Q: Your description of the Herbal Cardiovascular Formula discusses the benefits of gugulipid extract, but the description of the product lists gugulipid gum powder. I would think an extract would have a higher concentration of the active ingredient. Does this suggest that your actual product is less beneficial than the product used in medical studies?

A: The form of gugulipid (Commiphora mukul) in the Herbal Cardiovascular Formula is the same form that has been used in studies. Commiphora mukul-the active ingredient of the gugulipid gum powder-is a small, thorny plant that grows throughout India. Guggul and gum guggulu are two different names given to a yellowish resin produced by the stem of the plant. This resin is the source of extracts of guggul and has been used in many studies. InCardiovasc Drugs Ther [1994 Aug;8(4):659-64], Commiphora mukul was shown to decrease total cholesterol levels by 11.7%, LDL by 12.5% and triglycerides by 12.0% in a 24 week period. Clinical studies have indicated that Commiphora mukul affords cardioprotective benefits [Altern Med Rev 1998 Dec;3(6):422-31]. A study published in J Postgrad Med [1991 Jul;37(3):132-5] has shown that Commiphora mukul significantly prevented an increase in serum cholesterol and serum triglyceride levels in albino rats caused by atherogenic diet.

Q: Does Super GLA/DHA contain any EPA? And if not, why? According to "Fats for Life" (Life Extension magazine, July 2001, p. 20), EPA appears to have little value. The fish oil contains 50% DHA-what is the other 50%? And the borage oil contains 25% GLA-what is the other 75%?

A: Super GLA/DHA contains 23% EPA, 50% DHA and 25% GLA; the remainder is borage and fish oils. The article did not say that EPA is of little value. In fact, it states that EPA limits the production of the bad series-2 prostaglandins by preventing the release of arachidonic acid from cell membranes, inhibiting its further metabolism. The article also stated that GLA and DHA/EPA are beneficial in the prevention of cardiovascular diseases and reduction of systolic blood pressure. However, it has recently been discovered that DHA is the more important of the two, not the only important one. DHA has consistently proven to be more effective in lowering plasma triglycerides, increasing HDL cholesterol levels and lowering blood pressure and heart rate [Lipids. 1999; 34 Suppl:S313, Pharmacol Res. 1999; 40(3):211-25, Clin Exp Pharmacol Physiol. 1995; 22 Suppl 1:S308-9].

 

Q: I am a professor and doctor at the Chinese Traditional Medicine Department at China Shenzhen People hospital. One of my patients has taken curcumin to lower cholesterol; he has achieved good results. I would like to recommend that he continue taking curcumin. Before doing so, I would like to know if curcumin is safe for long-term use. What information can you give me?

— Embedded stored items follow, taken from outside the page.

(* If an undirected graph $\mathcal G$ can be represented with a set of $t$ types, then $\nu(\mathcal G)\le t/3$.
   Context: An undirected graph $\mathcal G=(V,E)$ can be represented by a set of types $T$ if there is a map $f:V\to T$ such that for any $t_1,t_2\in T$, either every pair of distinct vertices $u,v$ with $f(u)=t_1$, $f(v)=t_2$ is an edge, or no such pair is an edge; moreover (standing convention) no edge joins two vertices of the same type. A set of odd cycles $\{c_1,\dots,c_l\}$ is independent if the cycles are pairwise vertex-disjoint and no edge joins a vertex of $c_i$ to a vertex of $c_j$ for $i\ne j$; $\nu(\mathcal G)$ is the maximum size of an independent set of odd cycles of $\mathcal G$. *)

From mathcomp Require Import all_boot.
Set Implicit Arguments. Unset Strict Implicit. Unset Printing Implicit Defensive.

Definition simple_graph (V : finType) (e : rel V) : Prop :=
  symmetric e /\ irreflexive e.

Definition represents (V T : finType) (e : rel V) (f : V -> T) : Prop :=
  (forall t1 t2 : T,
     (forall u v : V, u != v -> f u = t1 -> f v = t2 -> e u v) \/
     (forall u v : V, u != v -> f u = t1 -> f v = t2 -> ~~ e u v))
  /\ (forall u v : V, f u = f v -> ~~ e u v).

Definition odd_cycle (V : finType) (e : rel V) (c : seq V) : bool :=
  [&& uniq c, 3 <= size c, odd (size c) & cycle e c].

Definition independent_odd_cycles (V : finType) (e : rel V) (cs : seq (seq V)) : Prop :=
  (forall c, c \in cs -> odd_cycle e c) /\
  (forall i j, i < size cs -> j < size cs -> i != j ->
     forall u v, u \in nth [::] cs i -> v \in nth [::] cs j -> u != v /\ ~~ e u v).

From mathcomp Require Import all_boot.

Set Implicit Arguments.
Unset Strict Implicit.
Unset Printing Implicit Defensive.

(* Vertices of one type are pairwise non-adjacent, so an odd cycle meets at
   least three types: with only two, it would be properly 2-coloured.  Two
   independent cycles share no type: if [u] in [c] and [v] in [c'] have the
   same type, the neighbour [w] of [u] on [c] is adjacent to [u], hence to
   every vertex of type [f u], in particular to [v].  So [nu(G)] cycles use
   at least [3 nu(G)] distinct types. *)

Lemma card_bigcup_disjoint (I T : finType) (F : I -> {set T}) :
  (forall i j, i != j -> [disjoint F i & F j]) ->
  #|\bigcup_i F i| = \sum_i #|F i|.
Proof.
move=> disjF; rewrite -sum1_card partition_disjoint_bigcup //.
by apply: eq_bigr => i _; rewrite sum1_card.
Qed.

Section OddCycles.

Variables (V : finType) (e : rel V).

Lemma path_alternating_colour (A : seq V) (g : V -> bool) :
    {in A &, forall y z, e y z -> g z = ~~ g y} ->
  forall x p, x \in A -> all [in A] p -> path e x p ->
  g (last x p) = odd (size p) (+) g x.
Proof.
move=> gA x p; elim: p x => [|y p IHp] x //= xA /andP[yA pA] /andP[exy pP].
by rewrite (IHp y) // (gA x y) // addNb addbN.
Qed.

Lemma odd_cycle_not_bicoloured (c : seq V) (g : V -> bool) :
    odd (size c) -> cycle e c ->
  ~ {in c &, forall y z, e y z -> g z = ~~ g y}.
Proof.
case: c => [|x p] //= odd_c cyc gc.
have xc : x \in x :: p by rewrite mem_head.
have pc : all [in x :: p] (rcons p x).
  by rewrite all_rcons mem_head; apply/allP => y yp; rewrite inE yp orbT.
have := path_alternating_colour gc xc pc cyc.
by rewrite last_rcons size_rcons /= (negbTE odd_c) addNb; case: (g x).
Qed.

Variables (T : finType) (f : V -> T).

Lemma odd_cycle_types_gt2 (c : seq V) :
    (forall u v, f u = f v -> ~~ e u v) -> odd (size c) -> cycle e c ->
  2 < #|f @: c|.
Proof.
case: c => [|x p] // types_indep odd_c cyc; rewrite ltnNge; apply/negP => le2.
apply: (odd_cycle_not_bicoloured (g := fun y => f y == f x) odd_c cyc).
move=> y z yc zc eyz; have fyz : f y != f z.
  by apply: contraTneq eyz => /types_indep.
have [fyx | fyx] := eqVneq (f y) (f x); first by rewrite -fyx eq_sym (negbTE fyz).
apply/eqP; apply: contraTeq le2 => fzx; rewrite -ltnNge.
apply/card_gt2P; exists (f y), (f z), (f x).
by rewrite !imset_f ?mem_head // fyz fzx eq_sym fyx.
Qed.

Lemma represents_edge_to_type (u v w : V) :
  represents e f -> w != u -> e w u -> w != v -> f v = f u -> e w v.
Proof.
move=> [rep _] wu ewu wv fvu.
case: (rep (f w) (f u)) => [all_edges | no_edges]; first exact: all_edges.
by move: (no_edges w u wu erefl erefl); rewrite ewu.
Qed.

Lemma independent_cycle_types_disjoint (cs : seq (seq V)) i j :
    symmetric e -> irreflexive e -> represents e f ->
    independent_odd_cycles e cs ->
    i < size cs -> j < size cs -> i != j ->
  [disjoint f @: nth [::] cs i & f @: nth [::] cs j].
Proof.
move=> e_sym e_irr rep [odd_cs indep] ics jcs ij.
apply/pred0P => t /=; apply/negP => /andP[/imsetP[u uc ->] /imsetP[v vc fuv]].
have /and4P[_ _ _ cyc] : odd_cycle e (nth [::] cs i) by rewrite odd_cs ?mem_nth.
set w := next (nth [::] cs i) u.
have euw : e u w by apply: next_cycle.
have wc : w \in nth [::] cs i by rewrite mem_next.
have [wv not_ewv] := indep i j ics jcs ij w v wc vc.
have wu : w != u by apply: contraTneq euw => ->; rewrite e_irr.
by move: not_ewv; rewrite (represents_edge_to_type rep wu _ wv (esym fuv)) // e_sym.
Qed.

End OddCycles.

Theorem mainTheorem7 (V T : finType) (e : rel V) (f : V -> T) :
  simple_graph e -> represents e f ->
  forall cs : seq (seq V), independent_odd_cycles e cs -> 3 * size cs <= #|T|.
Proof.
move=> [e_sym e_irr] rep cs ind.
pose F (i : 'I_(size cs)) := f @: nth [::] cs i.
have F_gt2 i : 2 < #|F i|.
  have /and4P[_ _ odd_c cyc] : odd_cycle e (nth [::] cs i).
    by rewrite ind.1 ?mem_nth.
  exact: odd_cycle_types_gt2 rep.2 odd_c cyc.
have F_disj (i j : 'I_(size cs)) : i != j -> [disjoint F i & F j].
  by move=> ij; apply: independent_cycle_types_disjoint...
apply: leq_trans (max_card (\bigcup_i F i)).
rewrite card_bigcup_disjoint // -[X in 3 * X]card_ord mulnC -sum_nat_const.
exact: leq_sum.
Qed.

A: There are no studies indicating that curcumin is toxic in long-term use. In fact, curcumin has been used for over 3,000 thousand years by the Indians in traditional Ayurvedic medicine [Ann Acad Med Singapore 2000 Jan;29(1):37-41]. Besides the benefits of cholesterol reduction, curcumin is a potent antioxidant extract from the spice turmeric that has a wide range of other health benefits such as specific anti-viral, anti-inflammatory and anti-cancer properties. Curcumin provides broad-spectrum effects throughout the body. In addition to being a potent antioxidant, curcumin suppresses the enzyme COX-2. Overexpression of COX-2 is related to the development of certain cancers and chronic inflammatory diseases [Biochimica et Biophysica Acta-Molecular Basis of Disease (Netherlands), 1996, 1317/2 (95-100), Mutation Research-Genetic Toxicology (Netherlands), 1996, 370/2 (127-131), Biochemical Pharmacology (United Kingdom), 1995, 49/11 (1551-1556)].